Task requirements =
Take the line containing "apply: connect_setD1_cut => //." and all lines after it to the end of the records, and output them exactly.

┌─ Provided data

(* In $Rex(w_{0,4})$, where $w_{0,4}=s_1s_2s_1s_3s_2s_1\in S_4$, consider the path morphisms of the paths $212321\to213231\to212321\to213231$ and $212321\to213231$; they are equal. Likewise, the path morphisms of $213231\to212321\to213231\to212321$ and $213231\to212321$ are equal. Equivalently, in the conflated expression graph $\Gamma_{w_{0,4}}$, with $A$ the cloud $\{212321\}$ and $B$ the cloud $\{213231,231231,213213,231213\}$, one has $f([A,B,A,B])=f([A,B])$ and $f([B,A,B,A])=f([B,A])$.
   Context: $S_4$ has simple reflections $s_i=(i\ i+1)$, $i=1,2,3$; a word such as $212321$ denotes the reduced expression $s_2s_1s_2s_3s_2s_1$. The rex graph $Rex(w)$ has as vertices the reduced expressions of $w$, with an edge between two that differ by one braid relation on consecutive letters: $i(i+1)i\leftrightarrow(i+1)i(i+1)$ (adjacent edge) or $ij\leftrightarrow ji$ with $|i-j|\ge2$ (distant edge). Let $R=\mathbb{R}[x_1,\dots,x_4]$, graded with $\deg x_i=2$, $s_i$ swapping $x_i,x_{i+1}$; $B_i=R\otimes_{R^{s_i}}R(1)$ and $B_{i_1\cdots i_k}=B_{i_1}\otimes_R\cdots\otimes_RB_{i_k}$. For $i\ne j$ with $s_is_j$ of order $m_{ij}\in\{2,3\}$, $f_{ij}:B_iB_jB_i\cdots\to B_jB_iB_j\cdots$ ($m_{ij}$ factors) is the unique degree-$0$ bimodule map sending $1\otimes\cdots\otimes1\mapsto1\otimes\cdots\otimes1$; traversing an edge from $\underline u$ to $\underline v$ (replacing a consecutive $iji\cdots$ by $jij\cdots$) gives $\mathrm{Id}\otimes f_{ij}\otimes\mathrm{Id}:B_{\underline u}\to B_{\underline v}$, and the path morphism $f(p)$ is the composite along the path. A cloud is a class of reduced expressions under the relation generated by distant edges; the conflated expression graph has clouds as vertices and an edge between distinct clouds joined by an adjacent edge, and the path morphism of a path of clouds is $f$ of a path in $Rex(w)$ visiting the clouds in that order, moving inside clouds by distant edges and between consecutive clouds by one adjacent edge (here the unique adjacent edge between $A$ and $B$ is $212321$—$213231$). *)

From mathcomp Require Import all_boot all_algebra all_fingroup.
From mathcomp Require Import Rstruct.
From mathcomp Require Import mpoly.
From Stdlib Require Import Reals.
Lemma nonbridge_cycle E : (forall e, e \in E -> #|e| = 2) ->
  forall a b, a != b -> [set a; b] \in E :\: bridges E ->
  connect (adj ((E :\: bridges E) :\ [set a; b])) a b.
Proof.
move=> E2 a b nab; rewrite inE => /andP[abNB abE].
(* Delete the bridges one at a time; by connect_setD1_cut the cycle through
   {a, b} survives each deletion. *)
suff cycle_minus s : all (mem (bridges E)) s ->
    connect (adj ((E :\: [set e in s]) :\ [set a; b])) a b.
  have := cycle_minus (enum (bridges E)); rewrite set_enum; apply.
  by apply/allP => e; rewrite mem_enum.
elim: s => [_|e s IHs /= /andP[eB sB]].
  have -> : E :\: [set e in [::]] = E by apply/setP => e; rewrite !inE in_nil.
  by move: abNB; rewrite (bridgeE nab abE) negbK.
have eE : e \in E by move: eB; rewrite inE => /andP[].
have /cards2P[u [w [nuw uw]]] : #|e| == 2 by rewrite E2.
subst e; have -> : E :\: [set e in [set u; w] :: s] = (E :\: [set e in s]) :\ [set u; w].
  by apply/setP => f; rewrite !inE negb_or andbA.
have ab_uw : [set u; w] != [set a; b] by apply: contraNneq abNB => <-.
apply: connect_setD1_cut => //.
- rewrite !inE abE andbT; apply: contraNN abNB => abs.
  by have := allP sB _ abs.
- exact: IHs.
- apply: contraTN eB => cuw; rewrite (bridgeE nuw eE) negbK.
  by apply: connect_adj_sub cuw; apply/setSD/subsetDl.
Qed.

└─

Answer area =
apply: connect_setD1_cut => //.
- rewrite !inE abE andbT; apply: contraNN abNB => abs.
  by have := allP sB _ abs.
- exact: IHs.
- apply: contraTN eB => cuw; rewrite (bridgeE nuw eE) negbK.
  by apply: connect_adj_sub cuw; apply/setSD/subsetDl.
Qed.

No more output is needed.